DECORAH -- City Council members this week thought all they needed to do was find a place to store items salvaged from the historic East Side School. Instead, they learned sites are available but as much as $150,000 must be raised to buy the materials.
Gateway Environmental Services of Highland, Ill., has a $145,500 contract with the Decorah School District to "deconstruct" the building. Work is scheduled to take place over the Christmas holiday.
The structure is listed on the National Register of Historic Places. Lyle Otte, chairman of the Decorah Historic Preservation Commission, initially said his group would like the city to provide storage space to accommodate reclaimed materials from East Side should a community group buy the items for reuse locally.
Otte said there is interest in preserving the school's two towers, as well as some brick and wood.

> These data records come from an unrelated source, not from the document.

(* Let $n\ge 1$ and $k\ge 1$ be integers and set $m=n+2k$. Let $L=\{x_1,\dots,x_n\}$ and $L'=\{y_1,\dots,y_m\}$ be finite sets of cells, and let there be $2k+1$ actions $u_1,\dots,u_{2k+1}$ such that applying action $u_j$ at cell $x_i$ leads to cell $y_{i+j-1}$. Define action probabilities $$p(x_i,u_1)=\frac{n-i+1}{m},\qquad p(x_i,u_j)=\frac{1}{m}\ (2\le j\le 2k),\qquad p(x_i,u_{2k+1})=\frac{i}{m}.$$ Then (1) $\sum_{j=1}^{2k+1} p(x_i,u_j)=1$ for every $i\in\{1,\dots,n\}$, and (2) if the distribution on $L$ is uniform, $p(x_i)=1/n$ for all $i$, then the induced distribution on $L'$, given by $p(y_l)=\sum_{i=1}^n\sum_{j:\, i+j-1=l} p(x_i,u_j)\,p(x_i)$, satisfies $p(y_l)=1/m$ for every $l\in\{1,\dots,m\}$.
   Context: This models the one-dimensional system $x_{t+1}=x_t+u$ with $u\in[-1,1]$, where two consecutive reachable level sets $L$ (at time $t$) and $L'$ (at time $t+1$) are discretized into consecutive cells of equal length, $L$ having $n$ cells and $L'$ having $n+2k$ cells, and $2k+1$ uniformly spaced control inputs shift a cell by $-k,\dots,k$ cells. A level set is C-uniform if the probability distribution of the robot's state over its cells is uniform. *)

From mathcomp Require Import all_boot all_order all_algebra.
Set Implicit Arguments. Unset Strict Implicit. Unset Printing Implicit Defensive.
Import Order.TTheory GRing.Theory Num.Theory.
Local Open Scope ring_scope.

(* Cells x_1..x_n of L, y_1..y_m of L' (m = n + 2k), actions u_1..u_{2k+1};
   all indices are 1-based natural numbers. Action u_j at x_i leads to y_{i+j-1}. *)

Definition mcells (n k : nat) : nat := (n + 2 * k)%N.

Definition p_act (R : realFieldType) (n k i j : nat) : R :=
  if j == 1%N then (n - i + 1)%:R / (mcells n k)%:R
  else if j == (2 * k + 1)%N then i%:R / (mcells n k)%:R
  else 1 / (mcells n k)%:R.

Definition p_induced (R : realFieldType) (n k : nat) (px : nat -> R) (l : nat) : R :=
  \sum_(1 <= i < n.+1) \sum_(1 <= j < (2 * k + 1).+1 | (i + j - 1)%N == l)
     p_act R n k i j * px i.

From mathcomp Require Import all_boot all_order all_algebra zify.
Import Order.TTheory GRing.Theory Num.Theory.

(* Scaled by m, the action probabilities become integer weights.  Fix a target
   cell y_l and send each t in {1..n} to the source cell x_c, where c is t
   clamped into [l - 2k, l].  The fibre over x_i has exactly m p(x_i, u_(l+1-i))
   elements: the n - i + 1 cells t >= l when i = l, the i cells t <= l - 2k when
   i = l - 2k, and t = i alone in between.  So m n p(y_l) counts {1..n} once. *)

Definition act_weight (n k i j : nat) : nat :=
  if j == 1%N then (n - i + 1)%N else if j == (2 * k + 1)%N then i else 1%N.

Definition clamp (a b t : nat) : nat := minn b (maxn t a).

Section Counting.
Local Open Scope nat_scope.

Lemma card_nat_ge (a b c : nat) : a <= c <= b ->
  \sum_(a <= t < b | c <= t) 1 = b - c.
Proof.
case/andP=> ac cb; rewrite (big_cat_nat ac cb) /= big_nat_cond big_pred0 => [|t]; last by lia.
rewrite add0n -[RHS]muln1 -sum_nat_const_nat big_mkcond.
by apply: eq_big_nat => t /andP[->].
Qed.

Lemma card_nat_lt (a b c : nat) : a <= c <= b ->
  \sum_(a <= t < b | t < c) 1 = c - a.
Proof.
case/andP=> ac cb; rewrite (big_cat_nat ac cb) /=.
rewrite [X in _ + X]big_nat_cond [X in _ + X]big_pred0 => [|t]; last by lia.
rewrite addn0 -[RHS]muln1 -sum_nat_const_nat big_mkcond.
by apply: eq_big_nat => t /andP[_ ->].
Qed.
End Counting.

Section Fibres.
Local Open Scope nat_scope.
Variables n k : nat.
Hypothesis k_gt0 : 0 < k.

Lemma act_weight_fibre (i j : nat) : 1 <= i <= n -> 1 <= j <= 2 * k + 1 ->
  act_weight n k i j =
  \sum_(1 <= t < n.+1 | clamp (i + j - 1 - 2 * k) (i + j - 1) t == i) 1.
Proof.
rewrite /act_weight /clamp => i_range j_range.
case: eqP => [-> | j_neq1].
  rewrite (eq_bigl (fun t => i <= t)) => [|t]; last by lia.
  by rewrite card_nat_ge; lia.
case: eqP => [-> | j_neq_last].
  rewrite (eq_bigl (fun t => t < i.+1)) => [|t]; last by lia.
  by rewrite card_nat_lt; lia.
rewrite (eq_bigl (fun t => t == i)) => [|t]; last by lia.
by rewrite big_nat1_eq ifT; lia.
Qed.

Lemma induced_weight_sum (l : nat) : 1 <= l <= n + 2 * k ->
  \sum_(1 <= i < n.+1) \sum_(1 <= j < (2 * k + 1).+1 | i + j - 1 == l)
     act_weight n k i j = n.
Proof.
move=> l_range; pose src t := clamp (l - 2 * k) l t.
have src_range t : 1 <= t <= n -> 1 <= src t <= n by rewrite /src /clamp; lia.
transitivity (\sum_(1 <= i < n.+1) \sum_(1 <= t < n.+1 | src t == i) 1).
  apply: eq_big_nat => i i_range.
  rewrite big_nat_cond (eq_bigl (fun j => (1 <= j < (2 * k + 1).+1) && (j == l + 1 - i)));
    last by move=> j; lia.
  rewrite -big_nat_cond big_nat1_eq; case: ifP => j_range.
    rewrite act_weight_fibre; [|lia|lia].
    by have -> : i + (l + 1 - i) - 1 = l by lia.
  by rewrite big_nat_cond big_pred0 // => t; rewrite /src /clamp; lia.
rewrite (exchange_big_dep_nat predT) //=.
transitivity (\sum_(1 <= t < n.+1) 1); last by rewrite sum_nat_const_nat subSS subn0 muln1.
apply: eq_big_nat => t t_range.
rewrite (eq_bigl (fun i => i == src t)) => [|i]; last exact: eq_sym.
by rewrite big_nat1_eq ifT //; move: (src_range t t_range); lia.
Qed.

Lemma act_weight_sum (i : nat) : i <= n ->
  \sum_(1 <= j < (2 * k + 1).+1) act_weight n k i j = n + 2 * k.
Proof.
move=> i_le_n; rewrite addn1 big_nat_recl // big_nat_recr /=; last by lia.
have middle : \sum_(1 <= j < 2 * k) act_weight n k i j.+1 = 2 * k - 1.
  rewrite -[RHS]muln1 -sum_nat_const_nat.
  by apply: eq_big_nat => j j_range; rewrite /act_weight ifF ?ifF; lia.
by rewrite middle /act_weight /= ifF ?ifT; lia.
Qed.
End Fibres.

Local Open Scope ring_scope.

Lemma p_act_weight (R : realFieldType) (n k i j : nat) :
  p_act R n k i j = (act_weight n k i j)%:R / (mcells n k)%:R.
Proof. by rewrite /p_act /act_weight; case: ifP => // _; case: ifP. Qed.

Theorem mainTheorem1 (R : realFieldType) (n k : nat) :
  (1 <= n)%N -> (1 <= k)%N ->
  (forall i : nat, (1 <= i <= n)%N ->
     \sum_(1 <= j < (2 * k + 1).+1) p_act R n k i j = 1) /\
  (forall px : nat -> R,
     (forall i : nat, (1 <= i <= n)%N -> px i = 1 / n%:R) ->
     forall l : nat, (1 <= l <= mcells n k)%N ->
       p_induced n k px l = 1 / (mcells n k)%:R).
Proof.
move=> n_gt0 k_gt0.
have m_neq0 : (mcells n k)%:R != 0 :> R by rewrite pnatr_eq0 /mcells; lia.
have n_neq0 : n%:R != 0 :> R by rewrite pnatr_eq0; lia.
split=> [i /andP[_ i_le_n] | px px_unif l l_range].
  under eq_bigr do rewrite p_act_weight.
  by rewrite -mulr_suml -natr_sum act_weight_sum ?divff.
transitivity (\sum_(1 <= i < n.+1) \sum_(1 <= j < (2 * k + 1).+1 | (i + j - 1)%N == l)
                (act_weight n k i j)%:R * ((mcells n k * n)%:R : R)^-1).
  apply: eq_big_nat => i i_range; apply: eq_bigr => j _.
  by rewrite p_act_weight px_unif // div1r natrM invfM mulrA.
under eq_bigr do rewrite -mulr_suml -natr_sum.
rewrite -mulr_suml -natr_sum induced_weight_sum //.
by rewrite natrM invfM mulrCA divff // mulr1 div1r.
Qed.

He added some objects would need to be stored indoors.
Deborah Bishop, however, later said she secured an unused quarry to hold limestone brick and the school's landmark towers and is hopeful barns might be available to store wooden items.
Bishop added the company taking the building down would be "pleased" to reach an agreement with an entity interested in keeping the materials in the area, though everything inside the former school is marketable throughout the country.
"Our cost would be much less than it will be for someone else," Bishop said.
Bishop asked whether council members would consider helping buy the materials.
"It's an exciting idea -- being able to buy all the construction materials of the 100-year-old East Side School -- given we can't keep it standing," she said.
"These are very unique and valuable materials you can't find somewhere," Bishop added.
Kevin Lee, a Decorah resident interested in historic preservation, submitted a letter on the topic as well.
The materials "simply are little bundles of energy ready to be used with minimal emissions to the environment," Lee wrote.
"Using these units of embodied energy saves our community the expense of acquiring new, lessens emissions put (into) the environment and lessens the extraction of resources used in creating new materials," he wrote.
"Other communities see the value of the deconstructed material and are hungry to use them. Why not our own?" Lee added.
Bishop hopes a subcommittee of the East Side School Development Committee, which raised money in its attempt to save the building, might form and take donations to purchase the materials.
Bishop said up to $1,000 could be considered a charitable contribution. Those pledging more than $1,000 could see a return on their investment based on the sale of the materials. So far, $4,500 has been pledged.
"Others are waiting to see more of the details," Bishop said.
Council member Karen Tjossem said discussions for the next budget start in January, but noted two problems.
"We don't know what we have to spend right now … We have to have an organization to give it to, and you're saying right now you don't have that," Tjossem said.
Bishop said the East Side School Development Committee would have to change its charter from renovating the structure as a community center to preserving the materials.
"It's saving the building in a little different manner," she said.
Councilman Steve Matter said he hoped the city would to contribute to the project.
"It's important for the historical aspect and healing of wounds to have some of these materials. I'll stick up for you at our annual budget meeting," Matter said.